(Dataset entries)
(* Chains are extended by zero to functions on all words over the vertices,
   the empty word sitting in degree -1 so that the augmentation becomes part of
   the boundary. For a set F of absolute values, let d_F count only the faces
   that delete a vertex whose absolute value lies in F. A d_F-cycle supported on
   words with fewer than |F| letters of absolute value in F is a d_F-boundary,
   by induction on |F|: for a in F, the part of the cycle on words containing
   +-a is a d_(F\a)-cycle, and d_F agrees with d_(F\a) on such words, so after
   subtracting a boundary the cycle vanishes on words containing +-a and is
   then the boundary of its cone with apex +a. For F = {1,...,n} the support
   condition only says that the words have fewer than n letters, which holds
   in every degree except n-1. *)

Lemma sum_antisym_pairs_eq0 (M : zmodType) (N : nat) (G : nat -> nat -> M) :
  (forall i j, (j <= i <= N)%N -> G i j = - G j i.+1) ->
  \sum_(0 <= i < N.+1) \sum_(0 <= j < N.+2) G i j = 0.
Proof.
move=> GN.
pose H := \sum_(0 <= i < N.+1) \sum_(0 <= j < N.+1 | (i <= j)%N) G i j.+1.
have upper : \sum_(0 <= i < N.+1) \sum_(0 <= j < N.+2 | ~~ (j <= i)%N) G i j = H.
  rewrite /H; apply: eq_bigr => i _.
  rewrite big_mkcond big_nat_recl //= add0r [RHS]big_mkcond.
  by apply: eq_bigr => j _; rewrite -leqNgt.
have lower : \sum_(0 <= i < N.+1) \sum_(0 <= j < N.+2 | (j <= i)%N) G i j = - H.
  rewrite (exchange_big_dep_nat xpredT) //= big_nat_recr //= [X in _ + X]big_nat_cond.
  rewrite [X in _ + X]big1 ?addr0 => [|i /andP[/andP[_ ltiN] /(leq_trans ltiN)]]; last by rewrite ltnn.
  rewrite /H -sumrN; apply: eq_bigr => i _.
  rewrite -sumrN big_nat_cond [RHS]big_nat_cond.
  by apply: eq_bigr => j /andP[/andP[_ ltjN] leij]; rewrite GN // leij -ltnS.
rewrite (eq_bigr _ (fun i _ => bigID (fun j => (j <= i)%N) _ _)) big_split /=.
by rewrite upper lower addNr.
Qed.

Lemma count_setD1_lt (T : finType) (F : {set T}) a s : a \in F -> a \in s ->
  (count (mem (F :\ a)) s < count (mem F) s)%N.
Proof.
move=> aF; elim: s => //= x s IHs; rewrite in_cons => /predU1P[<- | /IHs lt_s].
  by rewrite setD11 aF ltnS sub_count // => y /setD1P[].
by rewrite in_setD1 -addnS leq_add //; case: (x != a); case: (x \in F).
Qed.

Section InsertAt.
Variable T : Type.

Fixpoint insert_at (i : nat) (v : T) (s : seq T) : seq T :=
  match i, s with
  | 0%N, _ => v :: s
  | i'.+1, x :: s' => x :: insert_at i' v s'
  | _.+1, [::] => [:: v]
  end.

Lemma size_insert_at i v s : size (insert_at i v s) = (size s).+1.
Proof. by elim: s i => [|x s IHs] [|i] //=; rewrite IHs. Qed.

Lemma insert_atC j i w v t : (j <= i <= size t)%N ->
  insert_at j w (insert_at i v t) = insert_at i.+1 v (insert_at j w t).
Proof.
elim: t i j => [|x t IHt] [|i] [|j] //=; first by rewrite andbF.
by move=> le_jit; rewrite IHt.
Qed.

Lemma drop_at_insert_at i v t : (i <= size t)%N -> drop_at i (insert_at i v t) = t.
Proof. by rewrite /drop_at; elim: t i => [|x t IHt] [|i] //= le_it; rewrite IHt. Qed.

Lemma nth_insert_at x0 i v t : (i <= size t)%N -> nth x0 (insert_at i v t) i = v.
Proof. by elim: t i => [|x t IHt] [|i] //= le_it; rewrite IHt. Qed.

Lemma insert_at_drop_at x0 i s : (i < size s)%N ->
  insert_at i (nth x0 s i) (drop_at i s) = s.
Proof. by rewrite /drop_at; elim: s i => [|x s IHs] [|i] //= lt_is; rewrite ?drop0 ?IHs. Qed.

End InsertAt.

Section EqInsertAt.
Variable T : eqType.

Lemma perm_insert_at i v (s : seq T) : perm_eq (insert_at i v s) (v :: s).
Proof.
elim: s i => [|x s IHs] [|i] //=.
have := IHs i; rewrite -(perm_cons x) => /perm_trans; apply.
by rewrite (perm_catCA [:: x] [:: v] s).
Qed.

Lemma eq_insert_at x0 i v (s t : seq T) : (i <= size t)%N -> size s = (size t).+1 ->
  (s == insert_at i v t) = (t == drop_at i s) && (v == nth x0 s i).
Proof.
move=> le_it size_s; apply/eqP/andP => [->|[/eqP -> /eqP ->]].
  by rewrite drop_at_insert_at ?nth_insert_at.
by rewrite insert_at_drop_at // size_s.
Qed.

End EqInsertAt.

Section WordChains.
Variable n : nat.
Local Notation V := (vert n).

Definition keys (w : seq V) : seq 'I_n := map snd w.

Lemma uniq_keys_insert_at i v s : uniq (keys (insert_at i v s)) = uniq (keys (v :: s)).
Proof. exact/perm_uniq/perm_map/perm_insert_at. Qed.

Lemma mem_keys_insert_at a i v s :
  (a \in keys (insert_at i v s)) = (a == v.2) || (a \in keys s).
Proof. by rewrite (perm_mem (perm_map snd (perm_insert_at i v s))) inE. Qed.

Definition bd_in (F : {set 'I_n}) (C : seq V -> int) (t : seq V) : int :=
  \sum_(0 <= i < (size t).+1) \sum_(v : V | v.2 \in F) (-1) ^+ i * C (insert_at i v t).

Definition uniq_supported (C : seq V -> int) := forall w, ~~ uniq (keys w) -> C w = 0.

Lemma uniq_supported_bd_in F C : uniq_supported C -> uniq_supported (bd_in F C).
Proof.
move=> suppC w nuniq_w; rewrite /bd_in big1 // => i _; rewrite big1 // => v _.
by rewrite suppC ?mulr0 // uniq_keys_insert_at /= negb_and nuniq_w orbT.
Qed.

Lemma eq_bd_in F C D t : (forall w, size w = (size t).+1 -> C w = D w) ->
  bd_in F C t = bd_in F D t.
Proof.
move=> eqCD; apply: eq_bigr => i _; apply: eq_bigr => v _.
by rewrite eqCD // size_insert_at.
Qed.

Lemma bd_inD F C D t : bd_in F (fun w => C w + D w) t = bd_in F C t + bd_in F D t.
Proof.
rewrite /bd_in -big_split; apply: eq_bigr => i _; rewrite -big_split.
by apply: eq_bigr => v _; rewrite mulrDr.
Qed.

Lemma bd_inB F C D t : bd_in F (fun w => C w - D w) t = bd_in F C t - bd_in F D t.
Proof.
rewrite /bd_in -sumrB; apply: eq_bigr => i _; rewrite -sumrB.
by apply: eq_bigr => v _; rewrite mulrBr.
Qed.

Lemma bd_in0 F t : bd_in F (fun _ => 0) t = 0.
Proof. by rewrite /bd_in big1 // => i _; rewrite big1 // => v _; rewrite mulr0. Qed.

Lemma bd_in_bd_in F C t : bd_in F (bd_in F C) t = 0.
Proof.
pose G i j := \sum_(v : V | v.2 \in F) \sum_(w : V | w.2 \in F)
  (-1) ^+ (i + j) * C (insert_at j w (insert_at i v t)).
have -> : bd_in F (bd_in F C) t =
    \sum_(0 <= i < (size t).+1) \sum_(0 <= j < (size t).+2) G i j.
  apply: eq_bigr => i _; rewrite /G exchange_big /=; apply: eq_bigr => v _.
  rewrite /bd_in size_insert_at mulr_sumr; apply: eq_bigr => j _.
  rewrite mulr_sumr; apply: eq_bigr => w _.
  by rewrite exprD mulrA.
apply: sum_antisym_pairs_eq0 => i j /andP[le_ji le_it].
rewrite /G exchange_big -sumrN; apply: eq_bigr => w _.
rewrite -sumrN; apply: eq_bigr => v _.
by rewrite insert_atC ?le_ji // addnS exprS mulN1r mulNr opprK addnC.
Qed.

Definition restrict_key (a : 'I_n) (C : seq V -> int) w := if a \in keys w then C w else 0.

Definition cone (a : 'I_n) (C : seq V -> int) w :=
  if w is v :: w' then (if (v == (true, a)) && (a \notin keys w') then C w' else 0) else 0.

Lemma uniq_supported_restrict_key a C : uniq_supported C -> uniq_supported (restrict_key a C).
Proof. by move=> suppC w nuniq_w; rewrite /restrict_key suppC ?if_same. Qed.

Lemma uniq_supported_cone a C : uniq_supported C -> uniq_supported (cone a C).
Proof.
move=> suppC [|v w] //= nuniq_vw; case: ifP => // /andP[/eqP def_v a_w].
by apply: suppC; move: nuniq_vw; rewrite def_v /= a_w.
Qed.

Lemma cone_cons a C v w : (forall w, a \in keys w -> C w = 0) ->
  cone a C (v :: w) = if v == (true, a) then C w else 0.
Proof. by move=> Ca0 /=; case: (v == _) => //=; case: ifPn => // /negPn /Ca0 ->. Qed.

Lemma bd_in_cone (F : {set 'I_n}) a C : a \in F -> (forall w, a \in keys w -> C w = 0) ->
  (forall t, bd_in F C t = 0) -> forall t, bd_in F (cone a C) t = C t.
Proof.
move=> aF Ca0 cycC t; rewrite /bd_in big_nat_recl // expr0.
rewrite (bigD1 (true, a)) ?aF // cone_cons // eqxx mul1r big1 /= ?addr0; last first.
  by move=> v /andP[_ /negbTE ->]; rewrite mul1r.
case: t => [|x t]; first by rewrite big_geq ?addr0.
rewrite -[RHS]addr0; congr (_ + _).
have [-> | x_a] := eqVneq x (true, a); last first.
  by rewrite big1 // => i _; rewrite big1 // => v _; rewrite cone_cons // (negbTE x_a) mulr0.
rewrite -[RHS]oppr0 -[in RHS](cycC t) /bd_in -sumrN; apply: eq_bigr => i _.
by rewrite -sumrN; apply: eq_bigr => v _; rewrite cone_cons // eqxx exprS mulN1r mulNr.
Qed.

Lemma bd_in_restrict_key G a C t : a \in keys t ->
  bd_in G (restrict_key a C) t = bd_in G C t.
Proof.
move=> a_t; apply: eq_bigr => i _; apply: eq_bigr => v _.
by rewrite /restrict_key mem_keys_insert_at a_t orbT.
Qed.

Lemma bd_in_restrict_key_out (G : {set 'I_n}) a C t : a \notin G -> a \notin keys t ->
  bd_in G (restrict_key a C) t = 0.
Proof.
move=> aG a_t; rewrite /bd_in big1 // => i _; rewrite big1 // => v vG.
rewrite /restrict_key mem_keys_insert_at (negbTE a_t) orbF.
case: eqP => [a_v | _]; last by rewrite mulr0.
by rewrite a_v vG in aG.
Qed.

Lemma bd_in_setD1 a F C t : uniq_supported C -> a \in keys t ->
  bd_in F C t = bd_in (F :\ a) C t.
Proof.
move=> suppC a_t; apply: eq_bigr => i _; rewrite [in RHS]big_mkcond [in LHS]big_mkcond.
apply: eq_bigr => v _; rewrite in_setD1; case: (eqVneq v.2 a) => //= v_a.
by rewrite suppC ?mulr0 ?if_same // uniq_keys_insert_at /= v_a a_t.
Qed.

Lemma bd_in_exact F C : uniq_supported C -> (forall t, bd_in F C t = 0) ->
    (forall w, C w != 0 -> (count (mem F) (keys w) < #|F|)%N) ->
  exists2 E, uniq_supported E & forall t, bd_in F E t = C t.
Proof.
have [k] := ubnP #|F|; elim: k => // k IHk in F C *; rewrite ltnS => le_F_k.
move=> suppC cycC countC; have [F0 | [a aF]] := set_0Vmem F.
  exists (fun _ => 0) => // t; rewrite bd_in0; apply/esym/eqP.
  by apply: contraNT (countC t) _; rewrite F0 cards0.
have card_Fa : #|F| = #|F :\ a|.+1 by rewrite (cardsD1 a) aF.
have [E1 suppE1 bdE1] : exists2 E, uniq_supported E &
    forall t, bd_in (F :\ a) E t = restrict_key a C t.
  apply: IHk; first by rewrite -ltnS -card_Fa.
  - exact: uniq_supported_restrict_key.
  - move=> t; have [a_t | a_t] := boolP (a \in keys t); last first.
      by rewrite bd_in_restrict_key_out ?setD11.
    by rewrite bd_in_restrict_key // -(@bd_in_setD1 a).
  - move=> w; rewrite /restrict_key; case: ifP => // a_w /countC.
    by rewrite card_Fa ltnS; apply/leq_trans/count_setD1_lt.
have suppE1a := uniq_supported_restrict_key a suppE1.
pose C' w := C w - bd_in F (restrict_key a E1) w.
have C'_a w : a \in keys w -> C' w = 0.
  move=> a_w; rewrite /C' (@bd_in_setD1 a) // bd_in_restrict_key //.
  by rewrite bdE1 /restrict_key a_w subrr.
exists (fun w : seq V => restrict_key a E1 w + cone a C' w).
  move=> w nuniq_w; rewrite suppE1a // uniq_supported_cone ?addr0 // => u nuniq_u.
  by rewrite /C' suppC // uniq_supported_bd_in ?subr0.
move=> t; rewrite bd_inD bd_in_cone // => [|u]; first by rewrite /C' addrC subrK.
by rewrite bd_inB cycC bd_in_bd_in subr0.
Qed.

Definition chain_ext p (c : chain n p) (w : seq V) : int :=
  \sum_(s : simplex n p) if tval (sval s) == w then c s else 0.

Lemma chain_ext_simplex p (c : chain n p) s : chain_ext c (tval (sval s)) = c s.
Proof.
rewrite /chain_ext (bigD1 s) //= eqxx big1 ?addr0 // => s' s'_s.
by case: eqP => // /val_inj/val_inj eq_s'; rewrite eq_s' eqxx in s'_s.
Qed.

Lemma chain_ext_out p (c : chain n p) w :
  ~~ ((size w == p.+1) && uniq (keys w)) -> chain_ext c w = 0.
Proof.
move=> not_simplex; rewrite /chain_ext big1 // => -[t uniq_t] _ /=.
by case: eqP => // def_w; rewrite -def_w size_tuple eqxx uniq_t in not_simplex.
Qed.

# BRIEF
Output, exactly and in full, the lines from the start of the entries above through the line that contains "pose H := \sum_(0".

# TASK RESULT
(* Chains are extended by zero to functions on all words over the vertices,
   the empty word sitting in degree -1 so that the augmentation becomes part of
   the boundary. For a set F of absolute values, let d_F count only the faces
   that delete a vertex whose absolute value lies in F. A d_F-cycle supported on
   words with fewer than |F| letters of absolute value in F is a d_F-boundary,
   by induction on |F|: for a in F, the part of the cycle on words containing
   +-a is a d_(F\a)-cycle, and d_F agrees with d_(F\a) on such words, so after
   subtracting a boundary the cycle vanishes on words containing +-a and is
   then the boundary of its cone with apex +a. For F = {1,...,n} the support
   condition only says that the words have fewer than n letters, which holds
   in every degree except n-1. *)

Lemma sum_antisym_pairs_eq0 (M : zmodType) (N : nat) (G : nat -> nat -> M) :
  (forall i j, (j <= i <= N)%N -> G i j = - G j i.+1) ->
  \sum_(0 <= i < N.+1) \sum_(0 <= j < N.+2) G i j = 0.
Proof.
move=> GN.
pose H := \sum_(0 <= i < N.+1) \sum_(0 <= j < N.+1 | (i <= j)%N) G i j.+1.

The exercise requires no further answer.